The majority of those infected with COVID-19 experience mild disease, but roughly eight percent of people in Canada must be hospitalized, and of that number 20 percent go on to be admitted to the ICU, but even among those admitted to the ICU, the length of stays are becoming shorter, and the survival rate of those ventilated is higher. "It does seem like there definitely is something inherently different now than there was back in the spring", Dr.James Downar, a critical and palliative care specialist at The Ottawa Hospital remarked.
 
Chart showing that Covid-19 death rates are rising again across Europe, but at a much slower pace than in the spring
 
"There may be something about the speed with which people present for care, and the speed with which people are getting resuscitated", he elaborated. The use of low-dose steroids can cut the risk of death by 12 percent -- "Anyone who's very sick should get steroids", stressed University of Pittsburgh critical care doctor Derek Angus. And no longer are people being rushed to be placed on ventilators. Additionally, said Dr.Fox-Robichaud, doctors avoid the use of therapies with the potential to harm, such as the malaria drug hydroxychloroquine.
 
But there is the caution that should uncontrolled spread of the virus occur, leading to greater numbers of people in hospital, increased ICU admissions may ultimately result in more deaths.
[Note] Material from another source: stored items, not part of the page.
(* Every ideal $J$ of $\widetilde{\mathbb{R}}_{sm}$ is absolutely convex: if $x\in J$ and $y\in\widetilde{\mathbb{R}}_{sm}$ with $|y|\le|x|$, then $y\in J$.
   Context: Let $I=(0,1]$. $\widetilde{\mathbb{R}}_{sm}=\mathcal{E}_{M,sm}/\mathcal{N}_{sm}$ where $\mathcal{E}_{M,sm}$ is the set of smooth nets $(r_\varepsilon)_{\varepsilon\in I}\in\mathbb{R}^I$ with $|r_\varepsilon|=O(\varepsilon^{-N})$ for some $N$, and $\mathcal{N}_{sm}$ those with $|r_\varepsilon|=O(\varepsilon^m)$ for all $m$. The natural map $\tau_{sm}$ from $\widetilde{\mathbb{R}}_{sm}$ to the analogous ring $\widetilde{\mathbb{R}}_{co}$ of continuously parametrized nets is a ring isomorphism. Order: $r\le s$ iff there are representatives with $r_\varepsilon\le s_\varepsilon$ for all $\varepsilon$. Absolute value: $|x|=\tau_{sm}^{-1}([(|x_\varepsilon|)_\varepsilon])$. *)

From Stdlib Require Import Reals Lra ClassicalEpsilon.
Open Scope R_scope.

(** The parameter interval I = (0,1]. Nets are functions R -> R of which only
    the values on I matter. *)
Definition Iint (e : R) : Prop := 0 < e /\ e <= 1.

Definition net := R -> R.

Definition is_derive_in (f : net) (x l : R) : Prop :=
  forall eps, 0 < eps -> exists delta, 0 < delta /\
    forall h, h <> 0 -> Rabs h < delta -> Iint (x + h) ->
      Rabs ((f (x + h) - f x) / h - l) < eps.
(* Let $U:\mathbb{C}^*\to\mathbb{C}$ be a reasonable expansion with unique restrictions, between locally small categories, which has the expansion property, and assume that all morphisms in $\mathbb{C}$ are monomorphisms and that $\mathbb{C}^*$ is directed. Then for every $A\in\mathrm{Ob}(\mathbb{C})$, $$t_{\mathbb{C}}(A)=\sum_{\mathcal{A}\in U^{-1}(A)}t_{\mathbb{C}^*}(\mathcal{A}).$$ Consequently, $t_{\mathbb{C}}(A)$ is finite if and only if $U^{-1}(A)$ is finite and $t_{\mathbb{C}^*}(\mathcal{A})<\infty$ for all $\mathcal{A}\in U^{-1}(A)$.
   Context: Write $X\to Y$ if $\hom(X,Y)\ne\varnothing$; a category is directed if for all objects $A,B$ there is $C$ with $A\to C$, $B\to C$. An expansion of $\mathbb{C}$ is a category $\mathbb{C}^*$ with a functor $U:\mathbb{C}^*\to\mathbb{C}$ surjective on objects and injective on hom-sets; we regard $\hom_{\mathbb{C}^*}(\mathcal{A},\mathcal{B})\subseteq\hom_{\mathbb{C}}(U\mathcal{A},U\mathcal{B})$, and $U^{-1}(A)=\{\mathcal{A}:U(\mathcal{A})=A\}$. $U$ is reasonable if for every $e\in\hom(A,B)$ and $\mathcal{A}\in U^{-1}(A)$ there is $\mathcal{B}\in U^{-1}(B)$ with $e\in\hom(\mathcal{A},\mathcal{B})$; it has unique restrictions if for every $\mathcal{B}$ and $e\in\hom(A,U(\mathcal{B}))$ there is exactly one $\mathcal{A}\in U^{-1}(A)$ with $e\in\hom(\mathcal{A},\mathcal{B})$; it has the expansion property if for every $A\in\mathrm{Ob}(\mathbb{C})$ there is $B\in\mathrm{Ob}(\mathbb{C})$ with $\mathcal{A}\to\mathcal{B}$ for all $\mathcal{A}\in U^{-1}(A)$, $\mathcal{B}\in U^{-1}(B)$. In a category $\mathbb{D}$: $C\to(B)^A_{k,t}$ means that for every $\chi:\hom(A,C)\to\{0,\dots,k-1\}$ there is $w\in\hom(B,C)$ with $|\chi(w\cdot\hom(A,B))|\le t$; $t_{\mathbb{D}}(A)$ is the least positive $n$ such that for all $k\ge2$ and all $B$ there is $C$ with $C\to(B)^A_{k,n}$, and $\infty$ otherwise. A sum with an infinite term or infinitely many terms is $\infty$. *)

From mathcomp Require Import all_boot.
From mathcomp Require Import boolp.
From Stdlib Require List.

Set Implicit Arguments.
Unset Strict Implicit.
Unset Printing Implicit Defensive.

Record category := Category {
  Ob : Type;
  Hom : Ob -> Ob -> Type;
  comp : forall {A B C : Ob}, Hom B C -> Hom A B -> Hom A C;
  idm : forall A : Ob, Hom A A;
  comp_assoc : forall (A B C D : Ob) (h : Hom C D) (g : Hom B C) (f : Hom A B),
      comp h (comp g f) = comp (comp h g) f;
  comp_idl : forall (A B : Ob) (f : Hom A B), comp (idm B) f = f;
  comp_idr : forall (A B : Ob) (f : Hom A B), comp f (idm A) = f
}.
Arguments comp {c A B C}.
Arguments Hom {c}.

Definition arrow (D : category) (X Y : Ob D) : Prop := inhabited (Hom X Y).

Definition directed (D : category) : Prop :=
  forall A B : Ob D, exists C : Ob D, arrow A C /\ arrow B C.

Definition all_mono (D : category) : Prop :=
  forall (A B C : Ob D) (h : Hom B C) (f g : Hom A B), comp h f = comp h g -> f = g.

Record functor (D E : category) := Functor {
  Fob : Ob D -> Ob E;
  Fhom : forall {A B : Ob D}, Hom A B -> Hom (Fob A) (Fob B);
  Fcomp : forall (A B C : Ob D) (g : Hom B C) (f : Hom A B),
      Fhom (comp g f) = comp (Fhom g) (Fhom f);
  Fid : forall A : Ob D, Fhom (idm A) = idm (Fob A)
}.
Arguments Fob {D E}.
Arguments Fhom {D E} _ {A B}.

Definition expansion (Cs C : category) (U : functor Cs C) : Prop :=
  (forall A : Ob C, exists As : Ob Cs, Fob U As = A) /\
  (forall (As Bs : Ob Cs) (f g : Hom As Bs), Fhom U f = Fhom U g -> f = g).

(* "e ∈ hom(As, Bs)" for e ∈ hom_C(A,B), with U As = A and U Bs = B:
   e is the image under U of a C*-morphism As -> Bs. *)
Definition lifts (Cs C : category) (U : functor Cs C) (As Bs : Ob Cs)
    (A B : Ob C) (e : Hom A B) : Prop :=
  exists (p : Fob U As = A) (q : Fob U Bs = B) (e' : Hom As Bs),
    eq_rect _ (fun Y => Hom A Y)
      (eq_rect _ (fun X => Hom X (Fob U Bs)) (Fhom U e') A p) B q = e.

Definition reasonable (Cs C : category) (U : functor Cs C) : Prop :=
  forall (A B : Ob C) (e : Hom A B) (As : Ob Cs), Fob U As = A ->
    exists Bs : Ob Cs, lifts U As Bs e.

Definition unique_restrictions (Cs C : category) (U : functor Cs C) : Prop :=
  forall (Bs : Ob Cs) (A : Ob C) (e : Hom A (Fob U Bs)),
    exists! As : Ob Cs, lifts U As Bs e.

Definition expansion_property (Cs C : category) (U : functor Cs C) : Prop :=
  forall A : Ob C, exists B : Ob C, forall As Bs : Ob Cs,
    Fob U As = A -> Fob U Bs = B -> arrow As Bs.

Definition ramsey_arrow (D : category) (C B A : Ob D) (k t : nat) : Prop :=
  forall chi : Hom A C -> 'I_k, exists w : Hom B C,
    #|[set i : 'I_k | `[< exists f : Hom A B, chi (comp w f) = i >]]| <= t.

Definition ramsey_bound (D : category) (A : Ob D) (n : nat) : Prop :=
  forall k : nat, 2 <= k -> forall B : Ob D, exists C : Ob D, ramsey_arrow C B A k n.

(* Ramsey degree t_D(A): Some n = least positive n with the property; None = ∞ *)
Definition t_deg (D : category) (A : Ob D) : option nat :=
  match pselect (exists n, `[< 0 < n /\ ramsey_bound A n >]) with
  | left H => Some (ex_minn H)
  | right _ => None
  end.

(* sum in N ∪ {∞} (None = ∞) *)
Definition osum (l : list (option nat)) : option nat :=
  foldr (fun a b => match a, b with Some x, Some y => Some (x + y) | _, _ => None end)
        (Some 0) l.

Definition fiber_enum (Cs C : category) (U : functor Cs C) (A : Ob C)
    (l : list (Ob Cs)) : Prop :=
  List.NoDup l /\ forall As : Ob Cs, List.In As l <-> Fob U As = A.
Ltac find_idx e l :=
  match l with
  | cons e _ => constr:(O)
  | cons _ ?l' => let n := find_idx e l' in constr:(S n)
  end.

Ltac collect_atoms e l :=
  lazymatch e with
  | hadd _ ?a ?b => let l' := collect_atoms a l in collect_atoms b l'
  | hsub ?a ?b => let l' := collect_atoms a l in collect_atoms b l'
  | hopp _ ?a => collect_atoms a l
  | hscal _ _ ?a => collect_atoms a l
  | hzero _ => l
  | _ => match constr:(tt) with
         | _ => let _ := find_idx e l in l
         | _ => constr:(cons e l)
         end
  end.

Ltac reify e l :=
  lazymatch e with
  | hadd _ ?a ?b => let ra := reify a l in let rb := reify b l in constr:(TAdd ra rb)
  | hsub ?a ?b => let ra := reify a l in let rb := reify b l in constr:(TSub ra rb)
  | hopp _ ?a => let ra := reify a l in constr:(TOpp ra)
  | hscal _ ?c ?a => let ra := reify a l in constr:(TScal c ra)
  | hzero _ => constr:(TZero)
  | _ => let n := find_idx e l in constr:(TAtom n)
  end.

(* Proves an equation between linear expressions in a Hilbert space by
   comparing the complex coefficient of every atom. *)
Ltac lin :=
  lazymatch goal with
  | |- @eq ?T ?e1 ?e2 =>
    let l0 := collect_atoms e1 (@nil T) in
    let l := collect_atoms e2 l0 in
    let t1 := reify e1 l in let t2 := reify e2 l in
    change (hterm_eval l t1 = hterm_eval l t2);
    apply hterm_eval_eq; [simpl; repeat split; lia | simpl; repeat split; lia |];
    let i := fresh "i" in let Hi := fresh "Hi" in
    intros i Hi; simpl in Hi;
    repeat (first [ exfalso; lia | destruct i as [|i]; [simpl; unfold Cm1, C0, C1; Csolve |]])
  end.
In Edmonton, doctors are warning that the city's hospitals are at a "tipping point". "The system is breaking along with the backs of those who are trying desperately to hold it together", a Winnipeg anesthesiologist warned on Facebook.
 
 
 Chart showing mortality rates in UK intensive care units are lower in the autumn than they were in the spring and summer
 
This week Canada surpassed 300,000 known infections, that is infections that tests have identified; the true picture is without doubt ten times higher. There are currently about 1,840 people in hospital with COVID, 385 of whom are in intensive care. The U.S. Centres for Disease Control chief epidemiologist Dr.Anthony Fauci has warned Canada that it is in the losing-control territory of the disease's maw. 
 
Family clusters where siblings or multiple family members have been admitted to ICU after a family event where no one wore masks are occurring, with no pattern explaining how it is that an entire family will become ill with the virus while others with the same risk exposure come off having escaped infection. Scientists recently reported over ten percent of people developing severe COVID might have 'Autoantibodies' mistakenly targeting and attacking the immune system, not the virus.
 
Others venture the opinion that it's not a mere binary issue -- dead/not dead, but that COVID is capable of causing a wide range of serious lingering problems, including kidney or heart damage. A very high risk of stroke has been identified by studies into the complexities of COVID's aftermath. People surviving an ICU emergency for severe COVID have been known to struggle with physical weakness, anxiety, depression and cognitive and memory issues.